(Dataset entries)
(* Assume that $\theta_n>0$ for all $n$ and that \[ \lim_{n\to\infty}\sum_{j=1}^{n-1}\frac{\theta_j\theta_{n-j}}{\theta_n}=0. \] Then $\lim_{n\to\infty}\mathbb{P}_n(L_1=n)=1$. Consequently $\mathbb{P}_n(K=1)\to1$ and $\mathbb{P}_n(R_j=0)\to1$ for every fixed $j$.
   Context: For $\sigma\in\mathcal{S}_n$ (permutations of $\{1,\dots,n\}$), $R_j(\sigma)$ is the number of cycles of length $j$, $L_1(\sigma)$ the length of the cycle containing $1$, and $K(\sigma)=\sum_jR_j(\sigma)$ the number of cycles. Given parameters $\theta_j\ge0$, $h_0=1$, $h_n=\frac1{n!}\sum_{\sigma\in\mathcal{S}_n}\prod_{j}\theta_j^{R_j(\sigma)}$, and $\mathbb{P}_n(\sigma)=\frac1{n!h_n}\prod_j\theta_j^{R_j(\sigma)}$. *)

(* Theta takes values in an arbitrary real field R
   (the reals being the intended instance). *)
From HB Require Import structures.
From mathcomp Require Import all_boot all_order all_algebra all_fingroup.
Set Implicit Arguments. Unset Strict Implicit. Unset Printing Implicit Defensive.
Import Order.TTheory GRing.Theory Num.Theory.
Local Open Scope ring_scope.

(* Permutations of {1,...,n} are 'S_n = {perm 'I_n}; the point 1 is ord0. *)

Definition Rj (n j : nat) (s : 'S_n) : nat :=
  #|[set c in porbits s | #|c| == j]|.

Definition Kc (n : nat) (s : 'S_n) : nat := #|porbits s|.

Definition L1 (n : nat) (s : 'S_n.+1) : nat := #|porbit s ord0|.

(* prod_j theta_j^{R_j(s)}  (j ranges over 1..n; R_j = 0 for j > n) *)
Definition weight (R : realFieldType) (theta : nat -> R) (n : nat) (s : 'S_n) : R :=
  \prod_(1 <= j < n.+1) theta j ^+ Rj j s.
--
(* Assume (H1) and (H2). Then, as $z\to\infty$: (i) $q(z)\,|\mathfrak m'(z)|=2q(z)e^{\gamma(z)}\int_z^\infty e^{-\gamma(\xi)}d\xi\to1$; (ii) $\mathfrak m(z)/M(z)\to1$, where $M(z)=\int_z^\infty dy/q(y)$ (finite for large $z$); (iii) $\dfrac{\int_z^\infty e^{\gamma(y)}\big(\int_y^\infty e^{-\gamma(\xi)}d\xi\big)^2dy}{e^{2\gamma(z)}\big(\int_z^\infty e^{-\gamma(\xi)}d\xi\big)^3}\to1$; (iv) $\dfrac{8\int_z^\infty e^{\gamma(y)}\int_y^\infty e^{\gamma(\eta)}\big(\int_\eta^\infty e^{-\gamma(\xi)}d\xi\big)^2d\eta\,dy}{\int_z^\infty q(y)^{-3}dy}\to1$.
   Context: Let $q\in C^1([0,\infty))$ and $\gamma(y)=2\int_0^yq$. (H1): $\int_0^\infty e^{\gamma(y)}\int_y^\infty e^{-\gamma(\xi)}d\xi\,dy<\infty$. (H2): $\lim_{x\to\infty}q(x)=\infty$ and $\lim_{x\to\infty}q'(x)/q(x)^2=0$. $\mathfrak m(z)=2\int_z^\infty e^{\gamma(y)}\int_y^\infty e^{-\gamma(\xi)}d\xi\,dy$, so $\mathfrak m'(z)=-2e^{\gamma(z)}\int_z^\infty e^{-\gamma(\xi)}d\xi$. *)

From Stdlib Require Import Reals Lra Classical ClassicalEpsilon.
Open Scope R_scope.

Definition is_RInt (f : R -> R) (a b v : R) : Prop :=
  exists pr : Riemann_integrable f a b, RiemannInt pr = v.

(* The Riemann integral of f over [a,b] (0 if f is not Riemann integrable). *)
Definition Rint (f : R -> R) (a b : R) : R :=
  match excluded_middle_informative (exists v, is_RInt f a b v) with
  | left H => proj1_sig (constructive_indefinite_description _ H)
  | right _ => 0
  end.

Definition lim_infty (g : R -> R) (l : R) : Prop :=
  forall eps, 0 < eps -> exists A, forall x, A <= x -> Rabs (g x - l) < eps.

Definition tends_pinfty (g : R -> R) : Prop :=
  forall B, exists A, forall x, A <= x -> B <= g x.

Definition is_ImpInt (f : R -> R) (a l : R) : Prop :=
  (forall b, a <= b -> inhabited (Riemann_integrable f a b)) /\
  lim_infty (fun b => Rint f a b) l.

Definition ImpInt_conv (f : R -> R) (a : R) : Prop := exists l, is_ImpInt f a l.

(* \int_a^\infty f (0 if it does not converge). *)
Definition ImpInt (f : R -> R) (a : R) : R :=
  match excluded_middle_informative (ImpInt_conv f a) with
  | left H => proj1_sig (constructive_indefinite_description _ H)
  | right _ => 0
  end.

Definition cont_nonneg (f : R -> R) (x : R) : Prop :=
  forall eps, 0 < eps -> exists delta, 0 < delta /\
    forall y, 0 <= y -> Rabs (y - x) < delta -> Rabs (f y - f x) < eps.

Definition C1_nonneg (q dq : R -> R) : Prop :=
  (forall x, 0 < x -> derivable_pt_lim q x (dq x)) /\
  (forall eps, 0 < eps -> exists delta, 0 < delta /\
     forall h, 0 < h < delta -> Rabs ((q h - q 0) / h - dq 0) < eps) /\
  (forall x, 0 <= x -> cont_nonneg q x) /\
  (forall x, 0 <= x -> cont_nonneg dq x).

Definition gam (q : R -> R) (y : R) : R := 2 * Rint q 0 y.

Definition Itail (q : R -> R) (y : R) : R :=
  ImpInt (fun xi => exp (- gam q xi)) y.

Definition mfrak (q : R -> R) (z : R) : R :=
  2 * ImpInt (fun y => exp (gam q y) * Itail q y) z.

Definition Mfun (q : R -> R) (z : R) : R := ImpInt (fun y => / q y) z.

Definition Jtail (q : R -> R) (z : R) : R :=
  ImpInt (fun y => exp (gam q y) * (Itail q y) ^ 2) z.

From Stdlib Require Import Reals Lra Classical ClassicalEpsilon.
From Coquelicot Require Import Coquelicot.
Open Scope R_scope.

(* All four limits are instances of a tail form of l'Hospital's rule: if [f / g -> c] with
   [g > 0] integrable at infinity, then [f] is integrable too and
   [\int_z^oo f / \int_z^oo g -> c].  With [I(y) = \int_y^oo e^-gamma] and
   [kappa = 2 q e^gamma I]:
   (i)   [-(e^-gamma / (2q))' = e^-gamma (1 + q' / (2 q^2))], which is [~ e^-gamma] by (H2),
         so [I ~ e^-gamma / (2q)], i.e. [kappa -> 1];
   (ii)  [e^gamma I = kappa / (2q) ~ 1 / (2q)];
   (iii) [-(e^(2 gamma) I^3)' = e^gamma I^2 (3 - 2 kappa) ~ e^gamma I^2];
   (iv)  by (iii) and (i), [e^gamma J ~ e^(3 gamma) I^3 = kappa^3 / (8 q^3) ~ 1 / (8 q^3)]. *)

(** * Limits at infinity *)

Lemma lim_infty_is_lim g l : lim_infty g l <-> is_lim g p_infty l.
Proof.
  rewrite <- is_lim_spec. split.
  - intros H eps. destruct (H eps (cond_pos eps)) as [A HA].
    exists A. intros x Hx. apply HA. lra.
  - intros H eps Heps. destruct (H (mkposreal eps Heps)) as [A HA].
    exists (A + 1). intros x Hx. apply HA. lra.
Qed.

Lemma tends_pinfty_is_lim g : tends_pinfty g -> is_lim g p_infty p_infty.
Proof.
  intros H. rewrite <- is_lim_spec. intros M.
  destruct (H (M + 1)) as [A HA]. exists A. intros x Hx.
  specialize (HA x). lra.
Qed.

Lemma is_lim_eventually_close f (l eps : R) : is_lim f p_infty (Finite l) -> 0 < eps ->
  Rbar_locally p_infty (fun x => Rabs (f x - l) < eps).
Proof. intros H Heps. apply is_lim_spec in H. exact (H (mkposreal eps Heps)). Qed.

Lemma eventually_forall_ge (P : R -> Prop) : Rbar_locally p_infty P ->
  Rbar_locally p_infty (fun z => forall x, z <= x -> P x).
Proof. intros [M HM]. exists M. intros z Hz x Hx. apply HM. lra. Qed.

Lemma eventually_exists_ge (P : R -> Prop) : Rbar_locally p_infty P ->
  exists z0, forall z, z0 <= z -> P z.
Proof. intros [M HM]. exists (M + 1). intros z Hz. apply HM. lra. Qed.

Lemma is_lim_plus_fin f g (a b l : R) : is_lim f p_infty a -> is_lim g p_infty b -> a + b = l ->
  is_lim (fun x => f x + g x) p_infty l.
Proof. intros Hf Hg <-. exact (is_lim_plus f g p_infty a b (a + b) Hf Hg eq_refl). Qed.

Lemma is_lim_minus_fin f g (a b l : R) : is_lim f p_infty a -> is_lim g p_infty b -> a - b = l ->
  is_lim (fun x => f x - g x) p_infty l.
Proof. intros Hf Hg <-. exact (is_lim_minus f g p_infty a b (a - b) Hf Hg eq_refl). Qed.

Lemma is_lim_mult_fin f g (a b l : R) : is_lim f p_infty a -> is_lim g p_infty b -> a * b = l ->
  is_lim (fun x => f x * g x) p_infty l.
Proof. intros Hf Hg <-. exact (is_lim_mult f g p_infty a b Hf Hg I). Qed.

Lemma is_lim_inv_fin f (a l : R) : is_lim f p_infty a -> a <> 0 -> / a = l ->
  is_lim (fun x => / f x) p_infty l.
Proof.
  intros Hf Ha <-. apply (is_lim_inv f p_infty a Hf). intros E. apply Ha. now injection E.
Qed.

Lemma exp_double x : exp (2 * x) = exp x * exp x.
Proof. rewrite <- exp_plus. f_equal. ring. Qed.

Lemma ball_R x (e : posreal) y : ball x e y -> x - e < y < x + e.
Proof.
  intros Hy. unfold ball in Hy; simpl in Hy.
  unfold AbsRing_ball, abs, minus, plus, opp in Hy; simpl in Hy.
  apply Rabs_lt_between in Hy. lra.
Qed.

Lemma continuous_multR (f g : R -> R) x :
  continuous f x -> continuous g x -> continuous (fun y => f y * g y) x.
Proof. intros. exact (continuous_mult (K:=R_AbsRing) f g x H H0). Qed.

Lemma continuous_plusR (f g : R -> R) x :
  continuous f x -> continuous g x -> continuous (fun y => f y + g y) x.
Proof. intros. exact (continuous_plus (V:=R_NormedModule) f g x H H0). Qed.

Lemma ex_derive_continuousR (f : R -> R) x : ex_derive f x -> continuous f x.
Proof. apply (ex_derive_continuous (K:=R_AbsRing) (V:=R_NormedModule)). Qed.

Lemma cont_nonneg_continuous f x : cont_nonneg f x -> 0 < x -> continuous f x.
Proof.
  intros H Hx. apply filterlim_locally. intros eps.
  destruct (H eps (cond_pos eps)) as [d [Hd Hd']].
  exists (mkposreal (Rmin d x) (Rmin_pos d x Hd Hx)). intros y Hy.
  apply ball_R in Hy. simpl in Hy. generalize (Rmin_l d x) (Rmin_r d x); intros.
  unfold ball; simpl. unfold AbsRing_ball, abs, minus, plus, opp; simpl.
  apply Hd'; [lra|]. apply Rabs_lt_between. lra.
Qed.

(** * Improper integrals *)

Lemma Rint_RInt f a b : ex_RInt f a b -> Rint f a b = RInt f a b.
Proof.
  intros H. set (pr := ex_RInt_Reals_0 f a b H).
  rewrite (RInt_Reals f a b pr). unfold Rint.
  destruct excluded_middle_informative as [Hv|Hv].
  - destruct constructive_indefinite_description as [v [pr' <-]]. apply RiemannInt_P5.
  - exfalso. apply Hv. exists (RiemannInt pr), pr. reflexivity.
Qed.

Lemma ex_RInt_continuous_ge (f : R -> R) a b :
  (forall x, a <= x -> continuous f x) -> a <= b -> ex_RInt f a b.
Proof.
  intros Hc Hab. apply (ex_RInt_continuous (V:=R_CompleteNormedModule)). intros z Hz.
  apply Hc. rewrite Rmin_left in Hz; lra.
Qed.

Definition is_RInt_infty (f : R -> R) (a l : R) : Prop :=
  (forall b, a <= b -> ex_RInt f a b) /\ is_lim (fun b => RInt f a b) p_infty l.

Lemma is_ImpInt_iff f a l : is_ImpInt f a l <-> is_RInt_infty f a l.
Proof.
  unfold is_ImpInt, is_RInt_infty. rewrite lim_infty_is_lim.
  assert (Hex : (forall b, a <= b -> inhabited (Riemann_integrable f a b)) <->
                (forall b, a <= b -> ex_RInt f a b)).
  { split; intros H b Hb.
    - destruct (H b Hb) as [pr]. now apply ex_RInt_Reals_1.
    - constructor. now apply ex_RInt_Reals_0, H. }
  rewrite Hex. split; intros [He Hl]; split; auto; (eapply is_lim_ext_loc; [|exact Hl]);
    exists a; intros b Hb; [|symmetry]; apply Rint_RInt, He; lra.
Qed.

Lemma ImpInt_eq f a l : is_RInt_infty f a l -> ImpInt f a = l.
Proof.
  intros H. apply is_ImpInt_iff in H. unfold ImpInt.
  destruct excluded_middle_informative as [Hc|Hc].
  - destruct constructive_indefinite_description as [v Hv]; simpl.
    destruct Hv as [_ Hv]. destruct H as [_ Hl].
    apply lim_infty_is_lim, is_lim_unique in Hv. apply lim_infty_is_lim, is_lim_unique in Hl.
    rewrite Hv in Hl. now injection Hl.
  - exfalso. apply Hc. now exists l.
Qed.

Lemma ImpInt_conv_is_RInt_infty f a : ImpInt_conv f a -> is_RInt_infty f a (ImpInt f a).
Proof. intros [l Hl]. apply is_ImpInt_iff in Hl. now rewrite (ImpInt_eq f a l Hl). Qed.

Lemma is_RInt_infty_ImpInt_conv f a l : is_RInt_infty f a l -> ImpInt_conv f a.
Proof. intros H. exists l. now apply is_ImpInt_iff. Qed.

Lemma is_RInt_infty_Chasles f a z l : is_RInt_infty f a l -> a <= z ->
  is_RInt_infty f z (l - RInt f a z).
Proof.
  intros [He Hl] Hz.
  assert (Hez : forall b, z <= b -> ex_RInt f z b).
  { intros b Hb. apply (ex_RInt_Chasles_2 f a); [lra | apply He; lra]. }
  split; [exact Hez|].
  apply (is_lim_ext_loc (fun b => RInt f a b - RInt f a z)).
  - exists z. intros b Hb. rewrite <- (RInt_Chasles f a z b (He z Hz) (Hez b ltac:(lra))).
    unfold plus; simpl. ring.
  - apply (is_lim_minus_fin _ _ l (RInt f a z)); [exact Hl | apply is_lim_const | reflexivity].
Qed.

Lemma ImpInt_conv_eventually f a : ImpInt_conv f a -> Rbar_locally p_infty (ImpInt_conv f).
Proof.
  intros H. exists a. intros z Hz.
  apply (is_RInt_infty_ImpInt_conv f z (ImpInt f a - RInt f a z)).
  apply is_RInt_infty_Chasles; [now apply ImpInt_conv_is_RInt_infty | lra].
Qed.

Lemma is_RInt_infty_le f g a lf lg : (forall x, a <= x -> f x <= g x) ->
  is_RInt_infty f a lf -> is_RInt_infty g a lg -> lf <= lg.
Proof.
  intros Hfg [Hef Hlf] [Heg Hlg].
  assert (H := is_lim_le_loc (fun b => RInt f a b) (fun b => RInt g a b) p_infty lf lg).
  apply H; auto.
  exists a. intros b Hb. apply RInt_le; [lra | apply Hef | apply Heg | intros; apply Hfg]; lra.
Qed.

(ABOUT THIS EXERCISE) Look above for the line that contains "intros H Hx.". Starting there, transcribe every line exactly until you have copied the line that contains "destruct excluded_middle_informative as [Hv|Hv].".

(FINAL ANSWER)
  intros H Hx. apply filterlim_locally. intros eps.
  destruct (H eps (cond_pos eps)) as [d [Hd Hd']].
  exists (mkposreal (Rmin d x) (Rmin_pos d x Hd Hx)). intros y Hy.
  apply ball_R in Hy. simpl in Hy. generalize (Rmin_l d x) (Rmin_r d x); intros.
  unfold ball; simpl. unfold AbsRing_ball, abs, minus, plus, opp; simpl.
  apply Hd'; [lra|]. apply Rabs_lt_between. lra.
Qed.

(** * Improper integrals *)

Lemma Rint_RInt f a b : ex_RInt f a b -> Rint f a b = RInt f a b.
Proof.
  intros H. set (pr := ex_RInt_Reals_0 f a b H).
  rewrite (RInt_Reals f a b pr). unfold Rint.
  destruct excluded_middle_informative as [Hv|Hv].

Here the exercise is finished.